I wouldn’t say that I necessarily left the show convinced. In fact, considering both the premise and the title promised a hard-and-fast answer to the human condition, I found myself searching for catharsis on the way out.
That doesn’t mean the effort wasn’t there. CJ employs some light audience participation to conduct her own variety of the Myers-Briggs on the audience, then maps it against her equation. This gives the show some refreshing variety, breaking up what could have been an ultimately sleepy affair.
Points for effort. What’s less clear is exactly what message our fearless leader intended us to walk away with. For me, the result was less “I see!” and more “I guess?”
It’s hard to know if others felt the same way, but since CJ kept the audience laughing most of the way through, no one seemed to mind one way or another.
Which brings me to the humor itself. Throughout my time at The Human Algorithm, I smiled most of the way through, giggled a few times at some of the more surprising moments, and found myself nodding my head during a more poignant story about a man and his prosthetic limbs.
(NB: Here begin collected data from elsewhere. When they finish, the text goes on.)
(* Since H is a positive (k-1)-plane, the form on H^perp is Lorentzian: H^perp
   contains positive vectors but no two orthogonal ones, so a positive vector of
   H^perp is orthogonal to no vector of the light cone C(H^perp).  Hence a vector z
   extends H to a positive k-plane exactly when z is a positive vector of
   Z :&: H^perp, which is (i) <-> (ii).  If z is such a vector and v is in Z^perp,
   then z is orthogonal to v and to v - pi(v), which lies in H, so pi(v) is not in
   the light cone: (ii) -> (iii).  Conversely, if the form is negative
   semidefinite on M = Z :&: H^perp, then H^perp :&: M^perp contains a nonzero
   vector w of the light cone: an isotropic vector of M, or else the component
   orthogonal to the negative definite M of a positive vector of H^perp.  The
   projection pi maps Z^perp onto H^perp :&: M^perp, and the light cone is the
   union of two star-shaped, hence connected, nappes exchanged by w |-> -w, so w
   or -w lies in the component C, contradicting (iii). *)

From HB Require Import structures.
From mathcomp Require Import all_boot all_order all_algebra.
From mathcomp Require Import ring lra zify.
From Stdlib Require Import Classical.
Import Order.TTheory GRing.Theory Num.Theory.
Local Open Scope ring_scope.
Set Implicit Arguments. Unset Strict Implicit. Unset Printing Implicit Defensive.

Section SupComplete.
Variable R : realFieldType.
Hypothesis hR : sup_complete R.

Lemma sup_complete_sqrt (x : R) : 0 <= x -> exists2 r, 0 <= r & r * r = x.
Proof.
move=> x0.
have [s [s_ub s_least]] : exists s, (forall y, 0 <= y /\ y * y <= x -> y <= s) /\
    (forall M, (forall y, 0 <= y /\ y * y <= x -> y <= M) -> s <= M).
  apply: hR; first by exists 0; rewrite mulr0.
  exists (x + 1) => y [y0 yy]; rewrite leNgt; apply/negP => hy.
  have : (x + 1) * (x + 1) < y * y by apply: ltr_pM => //; lra.
  nra.
have s0 : 0 <= s by apply: s_ub; rewrite mulr0.
exists s => //; case: (ltgtP (s * s) x) => // hs.
- pose d := Num.min 1 ((x - s * s) / (2 * s + 1)).
  have d0 : 0 < d by rewrite lt_min ltr01 /=; apply: divr_gt0; lra.
  have d1 : d <= 1 by rewrite ge_min lexx.
  have d2 : d * (2 * s + 1) <= x - s * s.
    by rewrite -ler_pdivlMr ?ge_min ?lexx ?orbT //; lra.
  suff : s + d <= s by lra.
  by apply: s_ub; split; [lra | nra].
- have s_gt0 : 0 < s by rewrite lt_neqAle s0 andbT; apply: contraTneq hs => <-; lra.
  pose d := (s * s - x) / (2 * s).
  have d0 : 0 < d by apply: divr_gt0; lra.
  have dd : d * (2 * s) = s * s - x by rewrite /d mulfVK //; lra.
  suff : s <= s - d by lra.
  apply: s_least => y [y0 yy]; rewrite leNgt; apply/negP => hy.
  have : (s - d) * (s - d) < y * y by apply: ltr_pM => //; nra.
  nra.
Qed.

End SupComplete.

Section BilinearForm.
Variable R : realFieldType.
Variable n : nat.
Variable B : 'M[R]_n.
Hypothesis Bsym : B^T = B.

Local Notation bf := (bform B).

Lemma bformDl u v w : bf (u + v) w = bf u w + bf v w.
Proof. by rewrite /bform !mulmxDl mxE. Qed.
Lemma bformDr u v w : bf w (u + v) = bf w u + bf w v.
Proof. by rewrite /bform linearD /= mulmxDr mxE. Qed.
Lemma bformZl a u w : bf (a *: u) w = a * bf u w.
Proof. by rewrite /bform -!scalemxAl mxE. Qed.
Lemma bformZr a u w : bf w (a *: u) = a * bf w u.
Proof. by rewrite /bform linearZ /= -scalemxAr mxE. Qed.
Lemma bformNl u w : bf (- u) w = - bf u w.
Proof. by rewrite -scaleN1r bformZl mulN1r. Qed.
Lemma bformNr u w : bf w (- u) = - bf w u.
Proof. by rewrite -scaleN1r bformZr mulN1r. Qed.
Lemma bformBl u v w : bf (u - v) w = bf u w - bf v w.
Proof. by rewrite bformDl bformNl. Qed.
Lemma bformBr u v w : bf w (u - v) = bf w u - bf w v.
Proof. by rewrite bformDr bformNr. Qed.
Lemma bform0l w : bf 0 w = 0.
Proof. by rewrite /bform !mul0mx mxE. Qed.

Lemma bformC u v : bf u v = bf v u.
Proof.
have e : (v *m B *m u^T)^T = u *m B *m v^T by rewrite !trmx_mul trmxK Bsym mulmxA.
by rewrite /bform -e mxE.
Qed.

Lemma bform_gt0_neq0 u : 0 < bf u u -> u != 0.
Proof. by apply: contraTneq => ->; rewrite bform0l ltxx. Qed.

Lemma gram_mxE m1 m2 (X : 'M_(m1, n)) (Y : 'M_(m2, n)) i j :
  (X *m B *m Y^T) i j = bf (row i X) (row j Y).
Proof. by rewrite /bform tr_row colE !mulmxA -!row_mul -colE !mxE. Qed.

Lemma bform_perpl m (L : 'M_(m, n)) u v :
  (u <= perp B L)%MS -> (v <= L)%MS -> bf u v = 0.
Proof.
rewrite /perp sub_kermx => /eqP uBL /submxP [x ->].
by rewrite /bform trmx_mul !mulmxA -(mulmxA u) uBL mul0mx mxE.
Qed.

Lemma bform_perpr m (L : 'M_(m, n)) u v :
  (u <= L)%MS -> (v <= perp B L)%MS -> bf u v = 0.
Proof. by move=> uL vL; rewrite bformC (bform_perpl vL uL). Qed.

Lemma sub_perpP m (L : 'M_(m, n)) u :
  reflect (forall v, (v <= L)%MS -> bf u v = 0) (u <= perp B L)%MS.
Proof.
apply: (iffP idP) => [uL v|u_orth]; first exact: bform_perpl.
rewrite /perp sub_kermx; apply/eqP/matrixP => i j.
rewrite ord1 [RHS]mxE -(u_orth (row j L) (row_sub _ _)) bformC /bform.
transitivity ((u *m (B *m L^T))^T j 0); first by rewrite [RHS]mxE.
by rewrite !trmx_mul trmxK Bsym -!row_mul [RHS]mxE.
Qed.

Definition posdef m (U : 'M[R]_(m, n)) :=
  forall u, (u <= U)%MS -> u != 0 -> 0 < bf u u.

Lemma posdef_line z : 0 < bf z z -> posdef z.
Proof.
move=> zz u /sub_rVP [a ->] az0.
have a0 : a != 0 by apply: contraNneq az0 => ->; rewrite scale0r.
by rewrite bformZl bformZr mulrA mulr_gt0 // -expr2 exprn_even_gt0.
Qed.

Lemma capmx_eq0 m1 m2 (X : 'M_(m1, n)) (Y : 'M_(m2, n)) :
  (forall u : 'rV[R]_n, (u <= X)%MS -> (u <= Y)%MS -> u = 0) -> (X :&: Y)%MS = 0 :> 'M_n.
Proof. by move=> XY0; apply/eqP/rowV0P => v; rewrite sub_capmx => /andP [] /XY0. Qed.

Lemma posdef_addsmx m1 m2 (X : 'M_(m1, n)) (Y : 'M_(m2, n)) :
  posdef X -> posdef Y -> (forall x y, (x <= X)%MS -> (y <= Y)%MS -> bf x y = 0) ->
  posdef (X + Y)%MS /\ \rank (X + Y)%MS = (\rank X + \rank Y)%N.
Proof.
move=> Xpd Ypd XY; split.
  move=> _ /sub_addsmxP [[a b] /= ->].
  have [xX yY] : (a *m X <= X)%MS /\ (b *m Y <= Y)%MS by split; apply: submxMl.
  move: (a *m X) (b *m Y) xX yY => x y xX yY xy0.
  rewrite bformDl !bformDr (XY _ _ xX yY) (bformC y x) (XY _ _ xX yY) add0r addr0.
  have [x0 | x0] := eqVneq x 0.
    by rewrite x0 add0r in xy0 *; rewrite bform0l add0r Ypd.
  have [y0 | y0] := eqVneq y 0.
    by rewrite y0 addr0 in xy0 *; rewrite bform0l addr0 Xpd.
  by apply: addr_gt0; [apply: Xpd | apply: Ypd].
apply/mxrank_disjoint_sum/capmx_eq0 => u uX uY; apply/eqP; apply: contraT => u0.
by have := Xpd u uX u0; rewrite (XY _ _ uX uY) ltxx.
Qed.

Lemma isotropic_perturb w y : bf w w = 0 -> bf w y != 0 ->
  exists t, 0 < bf (w + t *: y) (w + t *: y).
Proof.
move=> ww wy; set b := bf w y; set c := bf y y.
pose s := (1 + `|c|)^-1.
have c_ge : - `|c| <= c by rewrite lerNnormlW.
have s0 : 0 < s by rewrite invr_gt0; have := normr_ge0 c; lra.
have s1 : s * (1 + `|c|) = 1 by rewrite mulVf //; have := normr_ge0 c; lra.
have sc : 0 <= s * `|c| by rewrite mulr_ge0 ?normr_ge0 // ltW.
have b2 : 0 < b * b by rewrite -expr2 exprn_even_gt0.
have sc2 : 0 < 2 + s * c by nra.
exists (s * b); rewrite !bformDl !bformDr !bformZl !bformZr ww (bformC y w) -/b -/c add0r.
have -> : s * b * b + (s * b * b + s * b * (s * b * c)) = s * (b * b) * (2 + s * c) by ring.
by apply: mulr_gt0 => //; apply: mulr_gt0.
Qed.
I’d consider that a decent enough show.
“Decent,” however, wouldn’t suffice for the audience around me, who roared with laughter again and again and again.
One couple in particular nudged and pointed at each other in an “oh that’s so you” kind of way from beginning to end. If I didn’t know better, I’d guess the whole experience inspired them to rush off and renew their vows at Fort Fringe after the show.
Maybe it was my long week at work or the head cold I carried in with me that left me tickled rather than aching with laughter. Humor is, after all, a fickle art.
So since The Human Algorithm has a bit of a quantitative flair, I suppose it’s best to let the numbers speak for themselves and say this: Go see it.
Whether or not you take that advice may depend on your own human algorithm, or what CJ might describe as the level of “control freak” inside of you (damn, spoiled another one).
Just know that people absolutely loved it. And if you hear laughter spilling out of a room, isn’t it at least worth poking your head in?